A Worthy Part
Minority groups are still continuously thrown into the shadows and encounter oppression everyday despite our aid in forging this nation. I, a Black and Latino young man, still face the struggles of my fallen ancestors.
My Latino and Black brothers’ and sisters’ continuous antipathy has gone on for far too long. As a Black and Latino high school young man, I have been discriminated against countless times. I’ve been called racial slurs, followed home, called a “beaner” and a “monkey,” too. Since the dawn of slavery and the end of the Mexican Revolution, racial tension persists.
Mexicans, Native Americans and Chinese immigrants, provided cheap labor, which created a booming agricultural economy. Because of the cheap labor coming from Europe, the U.S. relied on ethnic laborers to build the great aqueducts. Mexican workers, called Braceros, were exploited, paid meager wages and worked in poor conditions.
During the depression of the 1930s, competition for scarce jobs grew fierce; U.S. citizens replaced Mexicans.
Latinos have always had to hide in the shadows to not be persecuted. We are reckoned as the “invisible minority,” an expansive community withdrawing from public life and retreating into a kind of shell.
How can it be that the lives of so many minorities still haven’t changed in 100 years?
Perhaps one of the problems is our tendency to rely on authority figures, including U.S. presidents. Minority communities still live on lonely islands of poverty because of the segregation our nation created 400 years ago, and it still affects our reality today.
In the U.S. alone, severe poverty affects 16.1% of Latinos and 12.2% of African-Americans. Many Lati- nos live in the shadows because they are not welcomed or recognized as citizens and risk deportation. While some conservatives question their right to be here, many come to earn high wages they can send home to their families.
Yes, our world is not nearly as segregated as it once was, but Latinos’ lives haven’t changed much since the 1930s. During that period in time, Mexicans were persecuted and coerced out of the U.S. During that same period, Americans wanted to expel Europeans, Italians, Poles and Jews, but they were never gathered in mass and sent back to their home countries. How different does that sound from today?
What would life be without Latinos and immigrants? What would the “American dream” be like?
It is projected that by 2028, 20.9% of the labor force in the U.S. will be made of Hispanics and Latinos, making it the largest minority and immigrant group in the U.S. Latinos have had the highest workforce percentage of any other immigrant group since the 1950s and have been growing ever since.
Latinos have taken rural towns and turned them into industrial metropolises, but that story is largely untold. Without Mexican labor, much of the infrastructure in the U.S. would not exist, as Latinos make up 27.3% of the construction workforce in the U.S.
[We] Latinos are labeled as the “invisible threat” because some peopleS tend to believe immigrant groups “steal jobs,” but it’s actually the complete opposite. Immigrants tend to work unpleasant, back-breaking jobs that native-born workers aren’t willing to do. Immigrants work in “essential critical infrastructure” jobs that improve the labor market efficiency and support the aging U.S. population. They keep Americans fed, healthy and poised for economic recovery.

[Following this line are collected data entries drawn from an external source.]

(* For every constant-time one-sided error PACA $C$ there is a constant-time DACA $C'$ such that $L(C)=L(C')$.
   Context: A (bounded, one-dimensional) cellular automaton has a finite state set $Q$, a boundary symbol $\$\notin Q$, and a local transition function $\delta\colon Q_\$\times Q\times Q_\$\to Q$ ($Q_\$=Q\cup\{\$\}$); on $s=s_0\cdots s_{n-1}\in Q^n$, $\Delta(s)=\delta(\$,s_0,s_1)\,\delta(s_0,s_1,s_2)\cdots\delta(s_{n-2},s_{n-1},\$)$. A DACA is such a CA with input alphabet $\Sigma\subseteq Q$ and accepting states $A\subseteq Q$; it accepts $x\in\Sigma^+$ of length $n$ iff $\Delta^t(x)\in A^n$ for some $t\ge0$; it has time complexity $T$ if every accepted $x$ of length $n$ has such a $t<T(n)$. A PACA is the same except it has two local transition functions $\delta_0,\delta_1$ and at each step each cell independently tosses a fair coin $c$ and updates by $\delta_c$; a computation is accepting if at some step all cells are in $A$; it has time complexity $T$ if every accepting computation on an input of length $n$ first reaches $A^n$ at a step $<T(n)$. A one-sided error PACA for $L$ accepts every $x\in L$ with probability $\ge1/2$ and every $x\notin L$ with probability $0$; $L(C)=L$. Constant-time means time complexity bounded by a constant. *)

From mathcomp Require Import all_boot all_order all_algebra.
Set Implicit Arguments. Unset Strict Implicit. Unset Printing Implicit Defensive.
Import Order.TTheory GRing.Theory Num.Theory.

(* The boundary symbol $ is [None]; Q_$ = option Q. *)

(* Synchronous update of a configuration [s]; cell i is updated by
   [f i (left neighbour) (own state) (right neighbour)]. *)
Definition local_step (Q : Type) (f : nat -> option Q -> Q -> option Q -> Q)
    (s : seq Q) : seq Q :=
  [seq f p.1.1.1 p.1.1.2 p.1.2 p.2
  | p <- zip (zip (zip (iota 0 (size s)) (None :: map Some s)) s)
             (rcons (map Some (behead s)) None)].

(* Deterministic CA acceptor.  The input alphabet Sigma is a subset of the
   state set, given by an injective embedding. *)
Record DACA (Sigma : finType) := {
  dQ : finType;
  dinput : Sigma -> dQ;
  dinput_inj : injective dinput;
  ddelta : option dQ -> dQ -> option dQ -> dQ;
  dacc : pred dQ }.

Definition daca_Delta Sigma (C : DACA Sigma) : seq (dQ C) -> seq (dQ C) :=
  local_step (fun _ => @ddelta _ C).

Definition daca_conf Sigma (C : DACA Sigma) (x : seq Sigma) (t : nat) :=
  iter t (@daca_Delta _ C) (map (@dinput _ C) x).

Definition daca_acc_at Sigma (C : DACA Sigma) (x : seq Sigma) (t : nat) : bool :=
  all (@dacc _ C) (daca_conf C x t).

Definition daca_accepts Sigma (C : DACA Sigma) (x : seq Sigma) : Prop :=
  0 < size x /\ exists t, daca_acc_at C x t.

Definition daca_const_time Sigma (C : DACA Sigma) : Prop :=
  exists T : nat, forall x : seq Sigma, daca_accepts C x ->
    exists t, t < T /\ daca_acc_at C x t.

(* Probabilistic CA acceptor: two local rules; a cell whose coin is
   [false] (0) uses pdelta0, [true] (1) uses pdelta1. *)
Record PACA (Sigma : finType) := {
  pQ : finType;
  pinput : Sigma -> pQ;
  pinput_inj : injective pinput;
  pdelta0 : option pQ -> pQ -> option pQ -> pQ;
  pdelta1 : option pQ -> pQ -> option pQ -> pQ;
  pacc : pred pQ }.

Definition paca_step Sigma (C : PACA Sigma) (c : nat -> bool)
    : seq (pQ C) -> seq (pQ C) :=
  local_step (fun i => if c i then @pdelta1 _ C else @pdelta0 _ C).

(* A computation is determined by the coin outcomes [coins t i] of cell i
   at step t; configuration after t steps. *)
Fixpoint paca_conf Sigma (C : PACA Sigma) (x : seq Sigma)
    (coins : nat -> nat -> bool) (t : nat) : seq (pQ C) :=
  match t with
  | 0 => map (@pinput _ C) x
  | t'.+1 => @paca_step _ C (coins t') (paca_conf C x coins t')
  end.

Definition paca_acc_at Sigma (C : PACA Sigma) (x : seq Sigma)
    (coins : nat -> nat -> bool) (t : nat) : bool :=
  all (@pacc _ C) (paca_conf C x coins t).

Definition paca_const_time Sigma (C : PACA Sigma) : Prop :=
  exists T : nat, forall (x : seq Sigma) (coins : nat -> nat -> bool) (t : nat),
    0 < size x -> paca_acc_at C x coins t ->
    (forall s, s < t -> ~~ paca_acc_at C x coins s) -> t < T.

Definition coins_of (t n : nat) (w : {ffun 'I_t * 'I_n -> bool})
    : nat -> nat -> bool :=
  fun s i => match @insub _ (fun k => k < t) 'I_t s,
                   @insub _ (fun k => k < n) 'I_n i with
             | Some s', Some i' => w (s', i')
             | _, _ => false
             end.

(* Probability that the computation accepts within t steps
   (i.e. reaches A^n at some step s <= t); only coins of steps < t matter. *)
Definition paca_prob_within Sigma (C : PACA Sigma) (x : seq Sigma) (t : nat)
    : rat :=
  (#|[set w : {ffun 'I_t * 'I_(size x) -> bool} |
      [exists s : 'I_t.+1, paca_acc_at C x (coins_of w) s]]|%:R
   / #|{: {ffun 'I_t * 'I_(size x) -> bool}}|%:R)%R.

(* The acceptance probability is the supremum over t of paca_prob_within
   (continuity from below of the coin-sequence measure).
   "Pr >= 1/2" : every r < 1/2 is exceeded by some paca_prob_within;
   "Pr = 0"    : all paca_prob_within vanish. *)
Definition one_sided_for Sigma (C : PACA Sigma) (L : seq Sigma -> Prop) : Prop :=
  forall x : seq Sigma, 0 < size x ->
    (L x -> forall r : rat, (r < 1 / 2)%R ->
              exists t, (r < paca_prob_within C x t)%R) /\
    (~ L x -> forall t, paca_prob_within C x t = 0%R).

(* Every accepting run of the PACA first accepts before step T, and the
   state of a cell at step s <= T depends only on the input within distance s
   and on at most 2T^2 coins in its light cone.  Call a cell fallible if some
   coin choice makes it rejecting; it then rejects with probability at least
   2^(-2T^2), independently for cells more than 2T apart.  Call a window of
   radius R around a cell good at step s if it does not contain many such
   independent fallible cells and its fallible cells can all be made accepting
   simultaneously.  If for every s < T some window is bad, the acceptance
   probability is below 1/4, so x is not in L.  If at some step s every window
   is good, the absence of many spread-out fallible cells leaves gaps of 2T
   harmless cells, across which the local accepting coin choices can be glued
   into one accepting run, so x is in L by one-sided error.  Goodness of the
   window around a cell depends only on the input within distance R + T, which
   a deterministic automaton collects and inspects in constant time. *)

From mathcomp Require Import all_boot all_order all_algebra.
From mathcomp Require Import zify ring lra.
From mathcomp Require Import boolp.
From Stdlib Require Import Classical.
Set Implicit Arguments. Unset Strict Implicit. Unset Printing Implicit Defensive.
Import Order.TTheory GRing.Theory Num.Theory.
(* Let $V_0,\dots,V_{2^n}$ be the $2^n+1$ unitary operators that simultaneously diagonalize the $2^n+1$ maximally commuting subsets $S_j$ of non-identity $n$-qubit Pauli operators, i.e. $S_j = \{ s_{j,\vec a} V_j Z_{\vec a} V_j^\dagger : \vec a \in\{0,1\}^n, \vec a\neq \vec 0\}$ with signs $s_{j,\vec a}\in\{-1,1\}$. Let $\mathcal{V} = \{((2^n+1)^{-1}, V_j^\dagger)\}_{j=0}^{2^n}$ be the uniform ensemble over the adjoint unitaries. Let $\mathcal{M}$ be the measure-and-prepare channel $$\mathcal{M}(\rho) = \sum_{\vec k\in\{0,1\}^n} \mathrm{tr}\big[|\vec k\rangle\langle \vec k|\,\rho\big]\,\rho_{\vec k},\qquad \rho_{\vec k} = \sum_{\vec l\in\{0,1\}^n} \frac{1-\delta_{\vec k,\vec l}}{2^n-1}\,|\vec l\rangle\langle \vec l|,$$ which measures in the computational basis and, upon outcome $|\vec k\rangle$, prepares the uniform mixture over all computational basis states orthogonal to $|\vec k\rangle$. Then the $n$-qubit depolarizing channel with zero entanglement fidelity, $$\mathcal{D}_0(\rho) = \frac{1}{2^{2n}-1}\sum_{P\in\mathcal{Q}_n^*} P\rho P,$$ satisfies $\mathcal{D}_0 = \mathbb{E}_{\mathcal{V}}(\mathcal{M})$, where $\mathbb{E}_{\mathcal{V}}(\mathcal{M})(\rho) = \frac{1}{2^n+1}\sum_{j=0}^{2^n} V_j\,\mathcal{M}(V_j^\dagger \rho V_j)\,V_j^\dagger$. Moreover, this construction (a mixture of $2^n+1$ measure-and-prepare circuits) uses the minimal number of measure-and-prepare circuits required to realize $\mathcal{D}_0$ without ancilla qubits.
   Context: $\mathcal{Q}_n$ denotes the $n$-qubit Pauli operators modulo phase (a basis of operators on $n$ qubits), and $\mathcal{Q}_n^* = \mathcal{Q}_n\setminus\{I^{\otimes n}\}$. $Z_{\vec a} = \bigotimes_i Z^{a_i}$. The set $\mathcal{Q}_n^*$ is partitioned into $2^n+1$ disjoint maximally commuting subsets $S_j$, each of size $2^n-1$. For an ensemble $\mathcal{E}=\{(p_i,U_i)\}$, the $\mathcal{E}$-channel-twirl of a channel $\mathcal{C}$ is $\rho\mapsto \sum_i p_i U_i^\dagger \mathcal{C}(U_i\rho U_i^\dagger) U_i$. *)

From mathcomp Require Import all_boot all_order all_algebra.
From mathcomp Require Import algC.
Set Implicit Arguments. Unset Strict Implicit. Unset Printing Implicit Defensive.
Import Order.TTheory GRing.Theory Num.Theory.
Local Open Scope ring_scope.
(* Let $W$ be an eventually periodic subset of $\mathbb{Z}^d$ with periods $u_1,\dots,u_d$, and let $\mathscr{W}_1,\mathcal{W}$ be as defined in the context. Suppose $\mathscr{W}_1\neq\emptyset$ and there exists a nonempty finite subset $\mathcal{M}\subseteq\mathbb{Z}^d$ such that: (1) $\pi$ restricted to $\mathcal{M}$ is injective; (2) $\pi(\mathcal{M}+(\mathcal{W}\cup\mathscr{W}_1))=\mathbb{Z}^d/\mathcal{L}$; (3) for every $m\in\mathcal{M}$ there exists $w\in\mathscr{W}_1$ such that $m+w\not\equiv m'+w'\pmod{\mathcal{L}}$ for all $m'\in\mathcal{M}\setminus\{m\}$ and all $w'\in\mathcal{W}\cup\mathscr{W}_1$. Then $W$ has a minimal complement in $\mathbb{Z}^d$.
   Context: $d\geqslant1$, $\mathbb{N}=\{0,1,2,\dots\}$. Let $u_1,\dots,u_d\in\mathbb{Z}^d$ satisfy no nontrivial $\mathbb{Z}$-linear relation, $\mathcal{L}=\mathbb{Z}u_1+\dots+\mathbb{Z}u_d$, $P=\mathbb{N}u_1+\dots+\mathbb{N}u_d$, $\pi:\mathbb{Z}^d\to\mathbb{Z}^d/\mathcal{L}$ the quotient map. A nonempty $X\subseteq\mathbb{Z}^d$ is eventually periodic with periods $u_1,\dots,u_d$ if $X\subseteq F+P$ for some nonempty finite $F\subseteq\mathbb{Z}^d$ and $x+P\subseteq X$ for all but finitely many $x\in X$. For such $W$: $\mathscr{W}=\{w\in W:w+P\not\subseteq W\}$; $\mathcal{W}=\{w\in W\setminus\mathscr{W}:(w-P)\cap(W\setminus\mathscr{W})=\{w\}\}$; $\mathscr{W}_1$ is the set of elements of $\mathscr{W}$ congruent modulo $\mathcal{L}$ to no element of $\mathcal{W}$. A nonempty $M\subseteq\mathbb{Z}^d$ is a complement of $W$ if $M+W=\mathbb{Z}^d$, and a minimal complement if no proper subset of $M$ is a complement of $W$. *)

(* Z^d is modelled as 'rV[int]_d; subsets of Z^d as predicates
   'rV[int]_d -> Prop; finite subsets as explicit seqs. *)
From mathcomp Require Import all_boot all_order all_algebra.
Set Implicit Arguments. Unset Strict Implicit. Unset Printing Implicit Defensive.
Import Order.TTheory GRing.Theory Num.Theory.
Local Open Scope ring_scope.
(* Let $N=\{1,\dots,n\}$ be agents and $A$ a finite item set with additive valuations with externalities $V_i(j,a)\in\mathbb{R}$. Every complete allocation satisfying PROP-Ave satisfies GFS.
   Context: A complete allocation $\pi$ partitions $A$ into bundles $\pi_1,\dots,\pi_n$; $\pi(a)$ is the agent receiving $a$; $V_i(j,a)$ is agent $i$'s value when item $a$ goes to agent $j$; $V_i(\pi)=\sum_{a\in A}V_i(\pi(a),a)$. $\pi$ satisfies PROP-Ave if $V_i(\pi)\ge\frac1n\sum_{a\in A}\sum_{j\in N}V_i(j,a)$ for all $i$. Let $V_i^{max}(a)=\max_{j\in N}V_i(j,a)$, $V_i^{min}(a)=\min_{j\in N}V_i(j,a)$, $\mathrm{GFS}_i=\frac1n\sum_{a\in A}(V_i^{max}(a)-V_i^{min}(a))$; $\pi$ satisfies GFS if $V_i(\pi)\ge\mathrm{GFS}_i+\sum_{a\in A}V_i^{min}(a)$ for all $i\in N$. *)

(* Agents N = 'I_n, items A : finType, valuations
   V i j a = V_i(j,a) : value to agent i when item a goes to agent j. *)
From HB Require Import structures.
From mathcomp Require Import all_boot all_order all_algebra.
Set Implicit Arguments. Unset Strict Implicit. Unset Printing Implicit Defensive.
Import Order.TTheory GRing.Theory Num.Theory.
Local Open Scope ring_scope.

Section Defs.
Variables (R : realFieldType) (n : nat) (A : finType).
Variable V : 'I_n -> 'I_n -> A -> R.

(* A complete allocation: every item is assigned to exactly one agent,
   i.e. a function pi : A -> 'I_n (pi a = the agent receiving a). *)
Definition value (i : 'I_n) (pi : A -> 'I_n) : R :=
  \sum_(a : A) V i (pi a) a.

Definition PROP_Ave (pi : A -> 'I_n) : Prop :=
  forall i : 'I_n,
    value i pi >= n%:R^-1 * \sum_(a : A) \sum_(j < n) V i j a.

(* max / min over j in N; the seed V i i a is itself one of the values,
   so these are the true max / min over the nonempty set N. *)
Definition Vmax (i : 'I_n) (a : A) : R :=
  \big[Num.max/V i i a]_(j < n) V i j a.
Definition Vmin (i : 'I_n) (a : A) : R :=
  \big[Num.min/V i i a]_(j < n) V i j a.

Definition GFS_share (i : 'I_n) : R :=
  n%:R^-1 * \sum_(a : A) (Vmax i a - Vmin i a).

Definition GFS (pi : A -> 'I_n) : Prop :=
  forall i : 'I_n,
    value i pi >= GFS_share i + \sum_(a : A) Vmin i a.
End Defs.

From mathcomp Require Import all_boot all_order all_algebra.
Import Order.TTheory GRing.Theory Num.Theory.
Local Open Scope ring_scope.

(* For every agent i and item a, the terms V_i(j,a) - V_i^min(a) are
   nonnegative and one of them is V_i^max(a) - V_i^min(a), so the spread of
   a is at most their sum, i.e. at most sum_j V_i(j,a) - n V_i^min(a).
   Summing over the items and dividing by n shows that the GFS bound is at
   most the proportional average, hence below any PROP-Ave value. *)

Lemma ler_sum_term (R : numDomainType) (I : finType) (F : I -> R) (k : I) :
  (forall j, 0 <= F j) -> F k <= \sum_j F j.
Proof. by move=> F_ge0; rewrite (bigD1 k) //= lerDl sumr_ge0. Qed.

Section GFSBound.
Context {R : realFieldType} {n : nat} {A : finType}.
Variable V : 'I_n -> 'I_n -> A -> R.

Lemma Vmin_le (i j : 'I_n) (a : A) : Vmin V i a <= V i j a.
Proof. exact: bigmin_le. Qed.

Lemma Vspread_le (i : 'I_n) (a : A) :
  Vmax V i a - Vmin V i a <= \sum_(j < n) V i j a - n%:R * Vmin V i a.
Proof.
have excessE : \sum_(j < n) V i j a - n%:R * Vmin V i a =
               \sum_(j < n) (V i j a - Vmin V i a).
  by rewrite sumrB sumr_const card_ord mulr_natl.
have le_excess k : V i k a - Vmin V i a <= \sum_(j < n) (V i j a - Vmin V i a).
  by apply: ler_sum_term => j; rewrite subr_ge0 Vmin_le.
by rewrite excessE lerBlDr; apply: bigmax_le => [|k _]; rewrite -lerBlDr.
Qed.

Lemma GFS_le_average (i : 'I_n) :
  GFS_share V i + \sum_(a : A) Vmin V i a <=
  n%:R^-1 * \sum_(a : A) \sum_(j < n) V i j a.
Proof.
have n_neq0 : (n%:R : R) != 0 by rewrite pnatr_eq0 -lt0n (leq_ltn_trans _ (ltn_ord i)).
have spread_sum : \sum_(a : A) (Vmax V i a - Vmin V i a) <=
    \sum_(a : A) \sum_(j < n) V i j a - n%:R * \sum_(a : A) Vmin V i a.
  by rewrite mulr_sumr -sumrB; apply: ler_sum => a _; apply: Vspread_le.
rewrite -lerBrDr /GFS_share.
apply: le_trans (ler_wpM2l _ spread_sum) _; first by rewrite invr_ge0 ler0n.
by rewrite mulrBr mulKf.
Qed.

End GFSBound.

Theorem proposition4 (R : realFieldType) (n : nat) (A : finType)
    (V : 'I_n -> 'I_n -> A -> R) (pi : A -> 'I_n) :
  PROP_Ave V pi -> GFS V pi.
Proof. by move=> prop_ave i; apply: le_trans (GFS_le_average V i) (prop_ave i). Qed.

When I’m 39, it’s projected the U.S. will be minority white, but we can’t live with discrimination until that point. Things need to change. Not so the white population can experience the tribulation of discrimination, but so nobody will.
Being Black and Latino, I face the hardship of hatred from both angles, as Latinos have been racialized throughout history. Every Latino or Hispanic is automatically categorized by their racial characteristics as a “Mexican” or “an illegal” and are looked upon as second-class citizen. I’ve had to face being profiled, stereotyped and looked at as a criminal. I’ve even had to watch my back from those who are supposed to protect me.
We’re treated as the enemy, but hasn’t the Black community been treated similarly for the last four hundred years? The Black community has faced ineffable hardships that come from corroding bitterness. We face hatred, violence, lawlessness and watch communities perish. What is it that has poisoned souls and filled the world with hate?
I’m tired of living where I am discriminated against. When I’m looked upon, people look at something they are afraid of; they aren’t looking at me. Black is evil. Latino is evil. I’m not a man; I’m evil. I want to be able to freely walk across the street, drive my car, or work as a free man.
Discrimination won’t stop because one man is or isn’t in office. It will only stop when every person in America realizes that I, along with all of my Black and brown brothers and sisters, are a necessary and worthy part of the American Dream.
What would life be without Latinos and Immigrants? What would the “American Dream” be like?